Your task is to reproduce exactly the lines that run from the beginning of the data through the line where "- by move=> s y _ ->; rewrite mulr0." appears.

[Data extracted from a collection]
□ □ □ □
Lemma tangent_zero_section (X T T2 : alg R) (p d : X -> T) (p' d' : T -> T2)
  (z : T2 -> T) :
  is_tangent p d -> is_tangent p' d' ->
  is_algmap z /\ (forall x, z (p' (p x)) = p x) /\ (forall x, z (p' (d x)) = d x) /\
    (forall x, z (d' (p x)) = 0) /\ (forall x, z (d' (d x)) = 0) ->
  forall t, z (p' t) = t /\ z (d' t) = 0.
Proof.
move=> HT [p'A [d'D _]] [zA [zpp [zpd [zdp zdd]]]] t; split.
  by apply: (tangent_algmap_ext HT (algmap_comp zA p'A) (id_algmap T)).
have cS : is_subalg (fun t => True /\ (z \o d') t = 0).
  apply: (der_subalg (S := fun _ => True) (N := fun y => y = 0)
            (algmap_comp zA p'A) (algmap_comp_der zA d'D)) => //.
  - by move=> y y' -> ->; rewrite subr0.
  - by move=> s y _ ->; rewrite mulr0.
exact: (tangent_ind cS HT (fun x => conj I (zdp x)) (fun x => conj I (zdd x)) t).2.
Qed.

Lemma vertical_lift_d_span (X T T2 : alg R) (p d : X -> T) (p' d' : T -> T2)
  (l : T2 -> T) :
  is_tangent p d -> is_tangent p' d' ->
  is_algmap l /\ (forall x, l (p' (p x)) = p x) /\ (forall x, l (p' (d x)) = 0) /\
    (forall x, l (d' (p x)) = 0) /\ (forall x, l (d' (d x)) = d x) ->
  forall t, sum_span (fun ab : X * X => p ab.1 * d ab.2) (l (d' t)).
Proof.
move=> HT [p'A [d'D _]] [lA [lpp [lpd [ldp ldd]]]] t.
have [pA _] := HT.
set F := fun ab : X * X => p ab.1 * d ab.2.
have cS : is_subalg (fun t => (exists x, (l \o p') t = p x) /\ sum_span F ((l \o d') t)).
  apply: (der_subalg (algmap_comp lA p'A) (algmap_comp_der lA d'D)
            (algmap_image_subalg pA) (sum_span0 F)).
  - apply: sum_spanB => -[a b]; rewrite /F /= -mulNr -(algmapN pA).
    exact: (sum_span_gen F (- a, b)).
  - move=> _ y [c ->]; apply: (sum_span_morph (g := fun u => p c * u)).
      by move=> u u'; rewrite mulrDr.
    move=> [a b]; rewrite /F /= mulrA -(algmapM pA).
    exact: (sum_span_gen F (c * a, b)).
have gen_p x : (exists a, l (p' (p x)) = p a) /\ sum_span F (l (d' (p x))).
  by split; [exists x | rewrite ldp; apply: sum_span0].
have gen_d x : (exists a, l (p' (d x)) = p a) /\ sum_span F (l (d' (d x))).
  split; first by exists 0; rewrite lpd (algmap0 pA).
  by rewrite ldd -[d x]mul1r -(algmap1 pA); apply: (sum_span_gen F (1, x)).
exact: (tangent_ind cS HT gen_p gen_d t).2.
Qed.

Lemma bundle_lift_d_image (A S TS : alg R) (M : lmodType A) (q : A -> S) (j : M -> S)
  (pS dS : S -> TS) (lam : TS -> S) :
  is_symalg q j -> is_tangent pS dS ->
  is_algmap lam /\ (forall a, lam (pS (q a)) = q a) /\ (forall m, lam (pS (j m)) = 0) /\
    (forall a, lam (dS (q a)) = 0) /\ (forall m, lam (dS (j m)) = j m) ->
  forall v, exists m, lam (dS v) = j m.
Proof.
move=> HS [pA [dD _]] [lamA [lpq [lpj [ldq ldj]]]] v.
have [qA [jD [jZ _]]] := HS.
have cS : is_subalg (fun v =>
    (exists a, (lam \o pS) v = q a) /\ (exists m, (lam \o dS) v = j m)).
  apply: (der_subalg (N := fun y => exists m, y = j m)
            (algmap_comp lamA pA) (algmap_comp_der lamA dD) (algmap_image_subalg qA)).
  - by exists 0; rewrite (morphD0 jD).
  - by move=> _ _ [m ->] [m' ->]; exists (m - m'); rewrite (morphDB jD).
  - by move=> _ _ [a ->] [m ->]; exists (a *: m); rewrite jZ.
have gen_q a : (exists a', lam (pS (q a)) = q a') /\ (exists m, lam (dS (q a)) = j m).
  by split; [exists a | exists 0; rewrite ldq (morphD0 jD)].
have gen_j m : (exists a, lam (pS (j m)) = q a) /\ (exists m', lam (dS (j m)) = j m').
  by split; [exists 0; rewrite lpj (algmap0 qA) | exists m].
exact: (symalg_ind cS HS gen_q gen_j v).2.
Qed.

End StructureMaps.

Unset Implicit Arguments.

Theorem mainTheorem6
  (R : comPzRingType) (A : alg R) (M : lmodType A)
  (* T(A), with p_A and d *)
  (TA : alg R) (pA dA : A -> TA) (HTA : is_tangent pA dA)
  (* S_A(M), with q_M and j_M *)
  (SM : alg R) (q : A -> SM) (jM : M -> SM) (HSM : is_symalg q jM)
  (* T(S_A(M)), with p_{S_A(M)} and d *)
  (TS : alg R) (pS dS : SM -> TS) (HTS : is_tangent pS dS)
  (* P = T(A) (x)_A S_A(M), formed via p_A and q_M *)
  (P : alg R) (ix1 : TA -> P) (iy1 : SM -> P) (HP : is_tensor pA q ix1 iy1)
  (* T^2(A) = T(T(A)), with inclusion and d' *)
  (T2A : alg R) (pA' dA' : TA -> T2A) (HT2A : is_tangent pA' dA')
  (* T^2(S_A(M)) *)
  (T2S : alg R) (pS' dS' : TS -> T2S) (HT2S : is_tangent pS' dS')
  (* T(P) *)
  (TP : alg R) (pP dP : P -> TP) (HTP : is_tangent pP dP)
  (* T(q_M) *)
  (Tq : TA -> TS)
  (HTq : is_algmap Tq /\ (forall a, Tq (pA a) = pS (q a)) /\
         (forall a, Tq (dA a) = dS (q a)))
  (* T(p_A) *)
  (TpA : TA -> T2A)
  (HTpA : is_algmap TpA /\ (forall a, TpA (pA a) = pA' (pA a)) /\
          (forall a, TpA (dA a) = dA' (pA a)))
  (* Q = T^2(A) (x)_{T(A)} T(S_A(M)), formed via T(p_A) and T(q_M) *)
  (Q : alg R) (ix2 : T2A -> Q) (iy2 : TS -> Q) (HQ : is_tensor TpA Tq ix2 iy2)
  (* theta *)
  (theta : TP -> Q)
  (Htheta : is_algmap theta /\
     (forall (w : TA) (v : SM),
        theta (pP (ix1 w * iy1 v)) = ix2 (pA' w) * iy2 (pS v)) /\
     (forall (w : TA) (v : SM),
        theta (dP (ix1 w * iy1 v)) =
          ix2 (dA' w) * iy2 (pS v) + ix2 (pA' w) * iy2 (dS v)))
  (* ell_A *)
  (ellA : T2A -> TA)
  (HellA : is_algmap ellA /\
     (forall a, ellA (pA' (pA a)) = pA a) /\ (forall a, ellA (pA' (dA a)) = 0) /\
     (forall a, ellA (dA' (pA a)) = 0) /\ (forall a, ellA (dA' (dA a)) = dA a))
  (* ell_{S_A(M)} *)
  (ellS : T2S -> TS)
  (HellS : is_algmap ellS /\
     (forall b, ellS (pS' (pS b)) = pS b) /\ (forall b, ellS (pS' (dS b)) = 0) /\
     (forall b, ellS (dS' (pS b)) = 0) /\ (forall b, ellS (dS' (dS b)) = dS b))
  (* 0_{S_A(M)} *)
  (zS : TS -> SM)
  (HzS : is_algmap zS /\ (forall b, zS (pS b) = b) /\ (forall b, zS (dS b) = 0))
  (* 0_{T(A)} *)
  (zTA : T2A -> TA)
  (HzTA : is_algmap zTA /\
     (forall a, zTA (pA' (pA a)) = pA a) /\ (forall a, zTA (pA' (dA a)) = dA a) /\
     (forall a, zTA (dA' (pA a)) = 0) /\ (forall a, zTA (dA' (dA a)) = 0))
  (* lambda_M *)
  (lam : TS -> SM)
  (Hlam : is_algmap lam /\
     (forall a, lam (pS (q a)) = q a) /\ (forall m, lam (pS (jM m)) = 0) /\
     (forall a, lam (dS (q a)) = 0) /\ (forall m, lam (dS (jM m)) = jM m))
  (* c_{S_A(M)} *)
  (cS : T2S -> T2S)
  (HcS : is_algmap cS /\
     (forall b, cS (pS' (pS b)) = pS' (pS b)) /\
     (forall b, cS (pS' (dS b)) = dS' (pS b)) /\
     (forall b, cS (dS' (pS b)) = pS' (dS b)) /\
     (forall b, cS (dS' (dS b)) = dS' (dS b)))
  (* T(lambda_M) *)
  (Tlam : T2S -> TS)
  (HTlam : is_algmap Tlam /\ (forall x, Tlam (pS' x) = pS (lam x)) /\
           (forall x, Tlam (dS' x) = dS (lam x)))
  (* ell_A (x) 0_{S_A(M)} *)
  (L1 : Q -> P)
  (HL1 : is_algmap L1 /\ (forall x, L1 (ix2 x) = ix1 (ellA x)) /\
         (forall y, L1 (iy2 y) = iy1 (zS y)))
  (* 0_{T(A)} (x) lambda_M *)
  (L2 : Q -> P)
  (HL2 : is_algmap L2 /\ (forall x, L2 (ix2 x) = ix1 (zTA x)) /\
         (forall y, L2 (iy2 y) = iy1 (lam y)))
  (* the horizontal connection H and T(H) *)
  (H : TS -> P) (HH : is_algmap H)
  (TH : T2S -> TP)
  (HTH : is_algmap TH /\ (forall x, TH (pS' x) = pP (H x)) /\
         (forall x, TH (dS' x) = dP (H x)))
  (H1 : forall w : TA, H (Tq w) = ix1 w * iy1 1)
  (H2 : forall v : SM, H (pS v) = ix1 1 * iy1 v)
  (H3 : forall z : T2S, L1 (theta (TH z)) = H (ellS z))
  (H4 : forall z : T2S, L2 (theta (TH z)) = H (Tlam (cS z))) :
  forall m : M, exists s : seq ((A * A) * M),
    H (dS (jM m)) =
      \sum_(t <- s) ix1 (pA t.1.1 * dA t.1.2) * iy1 (jM t.2).
Proof.
move=> m; set x := H (dS (jM m)).
have [thetaA [_ thetaD]] := Htheta.
have [_ [dPD _]] := HTP.
have [L1A [L1ix L1iy]] := HL1.
have [L2A [L2ix L2iy]] := HL2.
have [ix1A [iy1A _]] := HP.
have G1_tensor w v : L1 (theta (dP (ix1 w * iy1 v))) = ix1 (ellA (dA' w)) * iy1 v.
  rewrite thetaD (algmapD L1A) !(algmapM L1A) !L1ix !L1iy HzS.2.1 HzS.2.2.
  by rewrite (algmap0 iy1A) mulr0 addr0.
have G2_tensor w v : L2 (theta (dP (ix1 w * iy1 v))) = ix1 w * iy1 (lam (dS v)).
  have [zp zd] := tangent_zero_section HTA HT2A HzTA w.
  rewrite thetaD (algmapD L2A) !(algmapM L2A) !L2ix !L2iy zp zd.
  by rewrite (algmap0 ix1A) mul0r add0r.
have G1_x : L1 (theta (dP x)) = x.
  by have := H3 (dS' (dS (jM m))); rewrite HTH.2.2 HellS.2.2.2.2.
have G2_x : L2 (theta (dP x)) = x.
  by have := H4 (dS' (dS (jM m))); rewrite HTH.2.2 HcS.2.2.2.2 HTlam.2.2 Hlam.2.2.2.2.
change (sum_span (fun t : (A * A) * M => ix1 (pA t.1.1 * dA t.1.2) * iy1 (jM t.2)) x).
rewrite -G2_x -G1_x.
apply: (sum_span_morph (g := fun y => L2 (theta (dP (L1 (theta (dP y))))))
          _ _ (tensor_sum_span HP x)).
  by move=> y y'; rewrite !(derD dPD, algmapD thetaA, algmapD L1A, algmapD L2A).
move=> [w v] /=; rewrite G1_tensor G2_tensor.
have [m' ->] := bundle_lift_d_image HSM HTS Hlam v.
apply: (sum_span_morph (g := fun u => ix1 u * iy1 (jM m'))
          _ _ (vertical_lift_d_span HTA HT2A HellA w)).
  by move=> u u'; rewrite (algmapD ix1A) mulrDl.
by move=> [a b]; apply: (sum_span_gen _ ((a, b), m')).
Qed.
□ □ □ □
## Answer for the task:
Lemma tangent_zero_section (X T T2 : alg R) (p d : X -> T) (p' d' : T -> T2)
  (z : T2 -> T) :
  is_tangent p d -> is_tangent p' d' ->
  is_algmap z /\ (forall x, z (p' (p x)) = p x) /\ (forall x, z (p' (d x)) = d x) /\
    (forall x, z (d' (p x)) = 0) /\ (forall x, z (d' (d x)) = 0) ->
  forall t, z (p' t) = t /\ z (d' t) = 0.
Proof.
move=> HT [p'A [d'D _]] [zA [zpp [zpd [zdp zdd]]]] t; split.
  by apply: (tangent_algmap_ext HT (algmap_comp zA p'A) (id_algmap T)).
have cS : is_subalg (fun t => True /\ (z \o d') t = 0).
  apply: (der_subalg (S := fun _ => True) (N := fun y => y = 0)
            (algmap_comp zA p'A) (algmap_comp_der zA d'D)) => //.
  - by move=> y y' -> ->; rewrite subr0.
  - by move=> s y _ ->; rewrite mulr0.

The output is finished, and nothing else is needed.